§ **WHAT YOU NEED TO DO**: Across the data below, in how many lines does the word "independent" appear? Give only the number.

§ **MATERIAL SHOWN**:
:::::

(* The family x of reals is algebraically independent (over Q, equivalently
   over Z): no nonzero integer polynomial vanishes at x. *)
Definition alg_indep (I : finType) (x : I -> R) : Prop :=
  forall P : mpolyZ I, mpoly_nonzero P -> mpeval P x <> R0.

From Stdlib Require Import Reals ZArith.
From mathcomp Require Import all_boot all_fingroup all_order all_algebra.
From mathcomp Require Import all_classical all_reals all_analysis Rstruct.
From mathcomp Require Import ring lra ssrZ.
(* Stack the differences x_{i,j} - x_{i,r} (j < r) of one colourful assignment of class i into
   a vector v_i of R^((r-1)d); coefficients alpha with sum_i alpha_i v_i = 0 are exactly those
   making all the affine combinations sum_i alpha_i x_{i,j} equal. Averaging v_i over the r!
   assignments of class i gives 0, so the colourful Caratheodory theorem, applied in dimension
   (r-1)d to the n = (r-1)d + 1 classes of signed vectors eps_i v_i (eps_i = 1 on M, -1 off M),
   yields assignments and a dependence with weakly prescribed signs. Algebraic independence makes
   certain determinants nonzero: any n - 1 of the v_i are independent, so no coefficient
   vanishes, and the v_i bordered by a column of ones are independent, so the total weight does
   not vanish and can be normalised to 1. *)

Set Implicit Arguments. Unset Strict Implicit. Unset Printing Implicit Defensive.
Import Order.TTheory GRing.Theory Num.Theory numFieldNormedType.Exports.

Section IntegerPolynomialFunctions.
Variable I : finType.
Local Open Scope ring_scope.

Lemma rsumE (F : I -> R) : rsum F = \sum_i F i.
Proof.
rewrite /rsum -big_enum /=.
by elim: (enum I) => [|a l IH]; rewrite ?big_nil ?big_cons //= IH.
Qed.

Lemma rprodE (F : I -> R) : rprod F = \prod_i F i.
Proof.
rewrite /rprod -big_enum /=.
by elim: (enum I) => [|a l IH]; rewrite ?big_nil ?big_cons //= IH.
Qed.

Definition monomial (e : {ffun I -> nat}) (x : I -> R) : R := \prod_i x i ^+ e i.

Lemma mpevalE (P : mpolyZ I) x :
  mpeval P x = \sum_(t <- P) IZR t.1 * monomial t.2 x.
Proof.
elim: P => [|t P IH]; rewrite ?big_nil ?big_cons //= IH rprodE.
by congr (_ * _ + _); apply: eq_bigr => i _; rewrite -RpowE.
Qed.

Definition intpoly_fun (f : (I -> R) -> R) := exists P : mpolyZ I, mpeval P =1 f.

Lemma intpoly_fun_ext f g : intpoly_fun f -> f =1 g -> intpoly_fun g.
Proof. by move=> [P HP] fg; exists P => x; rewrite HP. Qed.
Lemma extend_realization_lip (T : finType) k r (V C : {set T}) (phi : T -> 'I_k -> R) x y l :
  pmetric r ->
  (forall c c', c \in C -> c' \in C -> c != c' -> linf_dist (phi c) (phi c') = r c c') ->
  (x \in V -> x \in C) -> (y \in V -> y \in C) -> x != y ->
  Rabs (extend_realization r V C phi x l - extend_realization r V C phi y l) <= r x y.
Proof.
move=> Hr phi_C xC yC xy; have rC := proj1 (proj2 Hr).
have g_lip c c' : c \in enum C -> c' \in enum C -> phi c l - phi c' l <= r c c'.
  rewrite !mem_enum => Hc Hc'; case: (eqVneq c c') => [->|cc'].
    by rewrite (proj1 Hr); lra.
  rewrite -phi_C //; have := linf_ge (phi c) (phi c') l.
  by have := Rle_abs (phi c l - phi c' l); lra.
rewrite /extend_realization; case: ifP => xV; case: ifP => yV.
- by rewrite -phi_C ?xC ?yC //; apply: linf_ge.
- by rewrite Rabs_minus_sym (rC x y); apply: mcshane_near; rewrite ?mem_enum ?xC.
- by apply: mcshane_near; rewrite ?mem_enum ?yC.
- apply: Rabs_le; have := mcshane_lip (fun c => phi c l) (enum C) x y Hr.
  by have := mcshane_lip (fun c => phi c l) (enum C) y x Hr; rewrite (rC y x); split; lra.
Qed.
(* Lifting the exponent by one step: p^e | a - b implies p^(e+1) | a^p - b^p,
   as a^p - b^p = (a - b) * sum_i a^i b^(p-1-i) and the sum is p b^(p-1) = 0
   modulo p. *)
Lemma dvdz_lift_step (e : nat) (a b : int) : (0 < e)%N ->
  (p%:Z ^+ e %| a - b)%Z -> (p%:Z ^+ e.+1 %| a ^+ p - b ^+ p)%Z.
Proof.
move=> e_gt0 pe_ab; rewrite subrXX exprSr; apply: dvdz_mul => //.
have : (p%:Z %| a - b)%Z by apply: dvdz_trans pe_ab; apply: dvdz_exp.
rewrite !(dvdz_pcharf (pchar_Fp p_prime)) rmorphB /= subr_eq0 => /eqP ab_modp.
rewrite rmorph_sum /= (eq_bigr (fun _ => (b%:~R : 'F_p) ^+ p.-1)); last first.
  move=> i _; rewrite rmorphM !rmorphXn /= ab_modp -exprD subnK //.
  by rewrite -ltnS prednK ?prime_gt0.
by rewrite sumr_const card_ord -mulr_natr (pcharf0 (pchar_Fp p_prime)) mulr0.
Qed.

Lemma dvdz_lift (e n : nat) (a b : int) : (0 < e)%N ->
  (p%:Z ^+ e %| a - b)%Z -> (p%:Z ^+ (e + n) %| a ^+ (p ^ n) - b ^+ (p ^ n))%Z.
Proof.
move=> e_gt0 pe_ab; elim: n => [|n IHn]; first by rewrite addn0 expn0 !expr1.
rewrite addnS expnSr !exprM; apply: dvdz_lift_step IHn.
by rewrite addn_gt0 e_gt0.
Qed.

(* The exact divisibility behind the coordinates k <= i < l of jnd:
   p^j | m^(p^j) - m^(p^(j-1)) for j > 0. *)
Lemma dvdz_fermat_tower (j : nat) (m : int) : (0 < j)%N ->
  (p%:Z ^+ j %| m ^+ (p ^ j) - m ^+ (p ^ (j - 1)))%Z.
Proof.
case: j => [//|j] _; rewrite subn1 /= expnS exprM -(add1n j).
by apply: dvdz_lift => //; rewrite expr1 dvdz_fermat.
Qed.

:::::

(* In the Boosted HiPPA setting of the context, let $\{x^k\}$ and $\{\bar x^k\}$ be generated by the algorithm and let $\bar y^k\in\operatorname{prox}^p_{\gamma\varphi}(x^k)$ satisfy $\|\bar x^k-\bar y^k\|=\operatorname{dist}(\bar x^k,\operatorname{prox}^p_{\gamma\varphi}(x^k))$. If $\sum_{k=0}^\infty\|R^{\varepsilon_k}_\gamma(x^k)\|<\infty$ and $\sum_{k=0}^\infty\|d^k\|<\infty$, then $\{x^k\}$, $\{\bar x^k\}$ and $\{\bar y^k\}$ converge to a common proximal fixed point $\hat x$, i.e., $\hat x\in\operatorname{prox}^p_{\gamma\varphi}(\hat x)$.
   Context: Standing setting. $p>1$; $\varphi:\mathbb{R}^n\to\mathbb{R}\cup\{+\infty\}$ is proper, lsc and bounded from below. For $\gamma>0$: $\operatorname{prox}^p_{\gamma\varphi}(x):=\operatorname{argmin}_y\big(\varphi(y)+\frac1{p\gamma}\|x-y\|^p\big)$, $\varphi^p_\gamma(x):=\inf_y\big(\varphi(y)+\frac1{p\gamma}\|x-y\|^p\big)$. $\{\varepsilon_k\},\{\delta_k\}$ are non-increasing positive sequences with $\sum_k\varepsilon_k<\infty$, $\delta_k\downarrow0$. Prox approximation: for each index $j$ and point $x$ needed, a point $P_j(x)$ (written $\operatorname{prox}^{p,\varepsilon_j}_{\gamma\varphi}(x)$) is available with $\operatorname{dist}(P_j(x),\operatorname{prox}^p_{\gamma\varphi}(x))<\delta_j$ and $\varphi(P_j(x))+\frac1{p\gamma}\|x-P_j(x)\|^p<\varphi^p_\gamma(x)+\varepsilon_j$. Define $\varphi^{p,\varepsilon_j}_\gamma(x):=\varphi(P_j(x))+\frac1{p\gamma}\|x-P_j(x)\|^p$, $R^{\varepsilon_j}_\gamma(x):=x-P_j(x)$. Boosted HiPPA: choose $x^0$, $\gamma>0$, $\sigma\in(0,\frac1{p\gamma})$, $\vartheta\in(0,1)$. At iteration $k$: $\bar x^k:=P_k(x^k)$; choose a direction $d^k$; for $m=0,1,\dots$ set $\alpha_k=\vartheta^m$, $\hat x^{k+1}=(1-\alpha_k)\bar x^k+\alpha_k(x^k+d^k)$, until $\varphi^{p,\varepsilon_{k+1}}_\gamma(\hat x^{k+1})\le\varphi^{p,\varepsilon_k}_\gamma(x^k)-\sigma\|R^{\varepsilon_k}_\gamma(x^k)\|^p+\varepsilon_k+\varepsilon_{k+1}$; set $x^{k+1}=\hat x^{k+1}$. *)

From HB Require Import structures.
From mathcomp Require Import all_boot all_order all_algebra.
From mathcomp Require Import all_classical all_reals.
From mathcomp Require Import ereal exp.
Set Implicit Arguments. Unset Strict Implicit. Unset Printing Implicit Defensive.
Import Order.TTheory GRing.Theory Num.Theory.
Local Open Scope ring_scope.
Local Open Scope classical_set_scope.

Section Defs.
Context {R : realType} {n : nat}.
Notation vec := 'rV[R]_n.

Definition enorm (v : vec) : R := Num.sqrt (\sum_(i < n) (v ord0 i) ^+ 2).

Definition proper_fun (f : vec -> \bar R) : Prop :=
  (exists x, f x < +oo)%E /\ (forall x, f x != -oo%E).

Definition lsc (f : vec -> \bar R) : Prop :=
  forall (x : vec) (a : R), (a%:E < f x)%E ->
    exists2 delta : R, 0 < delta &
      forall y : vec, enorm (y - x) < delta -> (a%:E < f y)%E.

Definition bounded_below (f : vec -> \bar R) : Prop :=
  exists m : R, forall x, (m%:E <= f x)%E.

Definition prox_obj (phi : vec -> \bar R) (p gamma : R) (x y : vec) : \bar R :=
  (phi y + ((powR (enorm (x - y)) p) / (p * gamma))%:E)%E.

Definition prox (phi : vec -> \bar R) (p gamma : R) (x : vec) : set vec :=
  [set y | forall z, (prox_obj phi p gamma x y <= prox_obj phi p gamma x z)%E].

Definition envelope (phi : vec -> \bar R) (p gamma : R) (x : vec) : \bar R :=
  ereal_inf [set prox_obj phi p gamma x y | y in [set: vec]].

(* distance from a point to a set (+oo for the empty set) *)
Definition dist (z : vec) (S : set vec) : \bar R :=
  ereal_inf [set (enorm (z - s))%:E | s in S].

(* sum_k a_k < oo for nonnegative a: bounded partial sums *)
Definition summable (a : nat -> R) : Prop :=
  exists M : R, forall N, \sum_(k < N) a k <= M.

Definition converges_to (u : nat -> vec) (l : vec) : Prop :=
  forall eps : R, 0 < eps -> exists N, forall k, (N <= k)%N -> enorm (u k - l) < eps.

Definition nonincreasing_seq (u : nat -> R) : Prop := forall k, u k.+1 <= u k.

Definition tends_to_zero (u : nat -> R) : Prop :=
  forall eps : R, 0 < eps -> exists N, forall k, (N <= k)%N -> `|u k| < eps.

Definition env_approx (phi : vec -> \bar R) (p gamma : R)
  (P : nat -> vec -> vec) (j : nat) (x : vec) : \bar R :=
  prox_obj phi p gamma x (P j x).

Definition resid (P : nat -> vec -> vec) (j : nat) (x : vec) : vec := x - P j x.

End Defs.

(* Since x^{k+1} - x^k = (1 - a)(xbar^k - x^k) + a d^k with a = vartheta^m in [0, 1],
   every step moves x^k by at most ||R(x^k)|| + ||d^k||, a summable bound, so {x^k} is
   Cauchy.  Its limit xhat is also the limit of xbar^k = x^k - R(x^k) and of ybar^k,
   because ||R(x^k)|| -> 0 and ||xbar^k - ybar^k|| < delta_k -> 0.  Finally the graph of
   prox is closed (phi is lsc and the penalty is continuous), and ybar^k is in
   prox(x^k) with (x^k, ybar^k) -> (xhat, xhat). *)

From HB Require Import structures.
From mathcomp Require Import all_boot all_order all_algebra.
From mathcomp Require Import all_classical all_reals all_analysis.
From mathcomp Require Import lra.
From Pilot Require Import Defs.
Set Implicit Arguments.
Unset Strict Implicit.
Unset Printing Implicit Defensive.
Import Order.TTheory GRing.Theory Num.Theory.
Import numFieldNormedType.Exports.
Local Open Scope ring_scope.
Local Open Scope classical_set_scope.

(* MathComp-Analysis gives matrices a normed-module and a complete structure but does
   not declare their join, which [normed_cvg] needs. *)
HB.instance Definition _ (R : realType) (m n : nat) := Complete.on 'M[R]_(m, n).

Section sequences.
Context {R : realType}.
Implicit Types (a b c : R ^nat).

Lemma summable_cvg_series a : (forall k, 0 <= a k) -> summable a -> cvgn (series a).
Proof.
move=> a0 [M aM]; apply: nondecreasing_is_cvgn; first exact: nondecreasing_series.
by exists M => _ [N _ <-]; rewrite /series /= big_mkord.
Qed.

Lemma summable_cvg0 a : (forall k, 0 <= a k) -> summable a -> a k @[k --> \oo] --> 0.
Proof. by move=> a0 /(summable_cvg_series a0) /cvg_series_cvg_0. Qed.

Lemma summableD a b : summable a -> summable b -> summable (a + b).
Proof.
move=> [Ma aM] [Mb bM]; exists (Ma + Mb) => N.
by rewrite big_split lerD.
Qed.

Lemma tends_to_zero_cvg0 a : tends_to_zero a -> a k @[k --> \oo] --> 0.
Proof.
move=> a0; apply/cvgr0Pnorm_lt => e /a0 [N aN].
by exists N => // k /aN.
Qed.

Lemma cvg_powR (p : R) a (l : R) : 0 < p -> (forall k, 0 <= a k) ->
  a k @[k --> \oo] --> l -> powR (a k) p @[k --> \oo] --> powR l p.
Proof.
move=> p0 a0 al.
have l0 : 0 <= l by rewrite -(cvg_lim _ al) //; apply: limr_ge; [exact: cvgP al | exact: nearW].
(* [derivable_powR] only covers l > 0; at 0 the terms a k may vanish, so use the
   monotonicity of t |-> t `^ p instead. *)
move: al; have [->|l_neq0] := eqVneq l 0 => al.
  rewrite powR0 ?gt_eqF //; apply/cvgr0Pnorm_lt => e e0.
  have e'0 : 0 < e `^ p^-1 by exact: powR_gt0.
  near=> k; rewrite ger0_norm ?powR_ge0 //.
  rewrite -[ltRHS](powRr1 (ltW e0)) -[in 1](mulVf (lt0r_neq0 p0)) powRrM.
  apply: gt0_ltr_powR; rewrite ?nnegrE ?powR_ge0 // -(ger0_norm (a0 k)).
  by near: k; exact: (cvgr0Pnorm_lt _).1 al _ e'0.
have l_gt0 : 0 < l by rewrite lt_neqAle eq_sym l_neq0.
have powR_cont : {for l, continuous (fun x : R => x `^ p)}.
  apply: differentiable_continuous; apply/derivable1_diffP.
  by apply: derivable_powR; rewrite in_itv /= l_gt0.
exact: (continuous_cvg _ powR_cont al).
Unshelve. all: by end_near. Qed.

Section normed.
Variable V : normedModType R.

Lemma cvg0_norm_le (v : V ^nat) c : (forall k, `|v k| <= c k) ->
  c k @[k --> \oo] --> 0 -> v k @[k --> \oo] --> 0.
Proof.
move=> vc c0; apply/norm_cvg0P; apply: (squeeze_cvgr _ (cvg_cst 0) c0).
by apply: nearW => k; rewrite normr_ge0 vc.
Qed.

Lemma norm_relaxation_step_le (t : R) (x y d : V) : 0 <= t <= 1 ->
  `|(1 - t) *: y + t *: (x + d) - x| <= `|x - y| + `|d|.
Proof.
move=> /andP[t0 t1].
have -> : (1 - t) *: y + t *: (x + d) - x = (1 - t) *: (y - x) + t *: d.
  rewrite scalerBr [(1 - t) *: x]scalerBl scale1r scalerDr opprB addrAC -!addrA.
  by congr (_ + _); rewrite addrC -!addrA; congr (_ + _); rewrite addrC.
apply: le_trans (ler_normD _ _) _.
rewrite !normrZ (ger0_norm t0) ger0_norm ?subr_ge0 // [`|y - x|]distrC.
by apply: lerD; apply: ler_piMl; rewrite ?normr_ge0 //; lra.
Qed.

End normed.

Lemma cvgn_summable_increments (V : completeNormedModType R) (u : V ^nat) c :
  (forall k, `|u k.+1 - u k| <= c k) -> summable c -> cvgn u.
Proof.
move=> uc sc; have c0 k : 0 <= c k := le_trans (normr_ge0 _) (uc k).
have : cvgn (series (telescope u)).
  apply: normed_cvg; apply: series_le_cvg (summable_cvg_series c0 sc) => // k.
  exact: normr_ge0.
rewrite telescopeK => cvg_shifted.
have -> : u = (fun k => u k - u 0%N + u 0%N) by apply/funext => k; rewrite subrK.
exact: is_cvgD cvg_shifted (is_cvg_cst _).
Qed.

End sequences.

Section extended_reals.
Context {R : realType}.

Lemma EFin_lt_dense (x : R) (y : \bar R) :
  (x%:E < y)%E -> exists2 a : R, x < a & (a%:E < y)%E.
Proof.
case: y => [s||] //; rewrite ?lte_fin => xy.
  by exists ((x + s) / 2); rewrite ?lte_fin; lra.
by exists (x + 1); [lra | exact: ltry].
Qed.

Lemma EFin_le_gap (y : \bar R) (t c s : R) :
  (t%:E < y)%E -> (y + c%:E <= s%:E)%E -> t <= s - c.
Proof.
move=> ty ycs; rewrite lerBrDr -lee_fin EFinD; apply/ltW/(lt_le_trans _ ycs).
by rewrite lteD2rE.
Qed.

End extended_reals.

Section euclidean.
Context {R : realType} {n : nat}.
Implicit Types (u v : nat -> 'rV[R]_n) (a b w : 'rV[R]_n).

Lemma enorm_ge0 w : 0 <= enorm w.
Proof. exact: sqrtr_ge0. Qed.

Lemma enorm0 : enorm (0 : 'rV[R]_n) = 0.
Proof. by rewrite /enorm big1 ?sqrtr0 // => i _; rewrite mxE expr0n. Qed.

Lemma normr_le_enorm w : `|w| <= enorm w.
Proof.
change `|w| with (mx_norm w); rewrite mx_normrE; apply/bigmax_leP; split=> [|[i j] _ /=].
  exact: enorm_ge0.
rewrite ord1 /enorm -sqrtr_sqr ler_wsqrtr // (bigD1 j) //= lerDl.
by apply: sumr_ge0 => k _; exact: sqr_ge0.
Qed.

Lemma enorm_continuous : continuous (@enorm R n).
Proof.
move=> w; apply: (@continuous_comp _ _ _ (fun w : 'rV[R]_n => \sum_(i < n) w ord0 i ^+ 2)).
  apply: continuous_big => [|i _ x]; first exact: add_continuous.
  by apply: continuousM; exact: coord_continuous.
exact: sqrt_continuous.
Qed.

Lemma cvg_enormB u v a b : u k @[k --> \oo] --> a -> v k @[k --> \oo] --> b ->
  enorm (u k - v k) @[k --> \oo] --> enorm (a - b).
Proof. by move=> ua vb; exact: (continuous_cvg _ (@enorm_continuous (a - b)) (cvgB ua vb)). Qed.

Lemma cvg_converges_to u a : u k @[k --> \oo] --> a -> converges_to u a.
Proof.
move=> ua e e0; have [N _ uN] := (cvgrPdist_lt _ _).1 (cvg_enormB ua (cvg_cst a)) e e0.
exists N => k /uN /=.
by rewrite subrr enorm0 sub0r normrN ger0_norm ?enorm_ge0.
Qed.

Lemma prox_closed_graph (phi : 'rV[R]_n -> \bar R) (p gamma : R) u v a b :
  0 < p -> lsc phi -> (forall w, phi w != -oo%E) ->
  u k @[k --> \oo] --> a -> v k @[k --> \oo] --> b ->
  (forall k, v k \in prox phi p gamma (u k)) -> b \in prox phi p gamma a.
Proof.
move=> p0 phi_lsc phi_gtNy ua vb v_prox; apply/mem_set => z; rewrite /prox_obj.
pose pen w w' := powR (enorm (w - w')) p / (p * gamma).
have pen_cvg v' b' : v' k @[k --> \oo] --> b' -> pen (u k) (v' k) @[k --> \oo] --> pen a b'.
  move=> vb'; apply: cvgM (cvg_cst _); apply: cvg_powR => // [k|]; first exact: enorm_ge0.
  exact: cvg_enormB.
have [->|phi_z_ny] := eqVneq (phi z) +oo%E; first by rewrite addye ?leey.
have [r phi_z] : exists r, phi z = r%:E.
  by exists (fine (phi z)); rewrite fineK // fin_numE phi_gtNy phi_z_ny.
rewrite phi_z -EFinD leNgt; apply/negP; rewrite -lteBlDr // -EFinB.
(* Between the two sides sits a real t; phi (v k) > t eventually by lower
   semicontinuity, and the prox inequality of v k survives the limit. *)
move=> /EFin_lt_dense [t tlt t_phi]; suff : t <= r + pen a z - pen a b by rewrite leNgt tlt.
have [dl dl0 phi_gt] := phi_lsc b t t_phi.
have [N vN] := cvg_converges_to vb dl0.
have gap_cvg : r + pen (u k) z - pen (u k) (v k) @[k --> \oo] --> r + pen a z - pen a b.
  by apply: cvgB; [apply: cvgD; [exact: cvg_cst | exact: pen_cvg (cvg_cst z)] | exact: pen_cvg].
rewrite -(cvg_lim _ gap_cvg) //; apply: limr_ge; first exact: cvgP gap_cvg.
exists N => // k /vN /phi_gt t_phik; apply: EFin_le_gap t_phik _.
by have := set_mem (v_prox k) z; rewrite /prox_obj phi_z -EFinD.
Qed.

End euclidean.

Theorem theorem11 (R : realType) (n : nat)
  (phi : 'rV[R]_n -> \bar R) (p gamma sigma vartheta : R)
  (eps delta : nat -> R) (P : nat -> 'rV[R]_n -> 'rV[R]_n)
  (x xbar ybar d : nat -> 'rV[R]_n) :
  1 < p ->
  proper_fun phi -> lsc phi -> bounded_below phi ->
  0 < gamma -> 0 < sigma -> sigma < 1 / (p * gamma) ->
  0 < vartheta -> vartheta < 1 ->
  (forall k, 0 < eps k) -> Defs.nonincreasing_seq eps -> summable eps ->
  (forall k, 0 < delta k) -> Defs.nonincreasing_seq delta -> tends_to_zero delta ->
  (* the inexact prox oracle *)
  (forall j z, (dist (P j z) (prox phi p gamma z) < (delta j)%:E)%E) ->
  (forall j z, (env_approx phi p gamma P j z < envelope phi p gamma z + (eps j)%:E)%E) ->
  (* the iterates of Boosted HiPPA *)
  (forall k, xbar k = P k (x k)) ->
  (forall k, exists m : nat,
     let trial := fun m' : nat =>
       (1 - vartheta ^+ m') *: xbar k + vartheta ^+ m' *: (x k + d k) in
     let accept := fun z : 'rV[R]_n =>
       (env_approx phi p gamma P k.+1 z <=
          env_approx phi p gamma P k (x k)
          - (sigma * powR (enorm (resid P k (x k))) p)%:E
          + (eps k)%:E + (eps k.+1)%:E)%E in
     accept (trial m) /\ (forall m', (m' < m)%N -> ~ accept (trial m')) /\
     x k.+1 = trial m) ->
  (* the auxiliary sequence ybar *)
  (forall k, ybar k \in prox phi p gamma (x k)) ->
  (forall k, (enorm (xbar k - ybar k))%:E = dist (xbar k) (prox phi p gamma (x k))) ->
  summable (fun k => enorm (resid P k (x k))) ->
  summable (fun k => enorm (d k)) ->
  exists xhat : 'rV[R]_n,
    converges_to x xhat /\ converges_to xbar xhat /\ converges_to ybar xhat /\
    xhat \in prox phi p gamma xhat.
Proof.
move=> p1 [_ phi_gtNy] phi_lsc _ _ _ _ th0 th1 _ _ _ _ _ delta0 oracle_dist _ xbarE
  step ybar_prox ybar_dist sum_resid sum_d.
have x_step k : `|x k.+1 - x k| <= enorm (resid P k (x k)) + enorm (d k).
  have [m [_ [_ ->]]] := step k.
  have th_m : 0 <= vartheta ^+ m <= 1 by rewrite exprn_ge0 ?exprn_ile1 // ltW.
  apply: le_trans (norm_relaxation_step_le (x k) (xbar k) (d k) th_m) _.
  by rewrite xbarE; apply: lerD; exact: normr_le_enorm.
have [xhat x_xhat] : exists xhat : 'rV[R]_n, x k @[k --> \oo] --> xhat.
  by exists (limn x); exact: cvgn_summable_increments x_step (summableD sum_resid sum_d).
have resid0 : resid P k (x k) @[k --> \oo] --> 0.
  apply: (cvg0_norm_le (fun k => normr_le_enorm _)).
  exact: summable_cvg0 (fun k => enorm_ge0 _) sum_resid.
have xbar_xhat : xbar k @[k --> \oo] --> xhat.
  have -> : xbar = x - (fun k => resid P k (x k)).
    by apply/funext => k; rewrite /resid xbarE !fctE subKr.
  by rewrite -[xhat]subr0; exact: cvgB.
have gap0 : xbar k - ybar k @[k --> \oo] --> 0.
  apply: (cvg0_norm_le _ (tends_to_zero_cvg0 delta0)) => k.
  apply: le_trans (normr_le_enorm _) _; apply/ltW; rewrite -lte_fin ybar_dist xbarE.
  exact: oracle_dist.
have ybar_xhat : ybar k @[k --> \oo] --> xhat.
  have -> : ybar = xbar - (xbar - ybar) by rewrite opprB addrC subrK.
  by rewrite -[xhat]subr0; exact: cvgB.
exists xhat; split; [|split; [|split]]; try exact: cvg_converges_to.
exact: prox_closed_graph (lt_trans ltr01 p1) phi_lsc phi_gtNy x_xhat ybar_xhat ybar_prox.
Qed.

:::::

§ **WRITTEN SOLUTION**: 3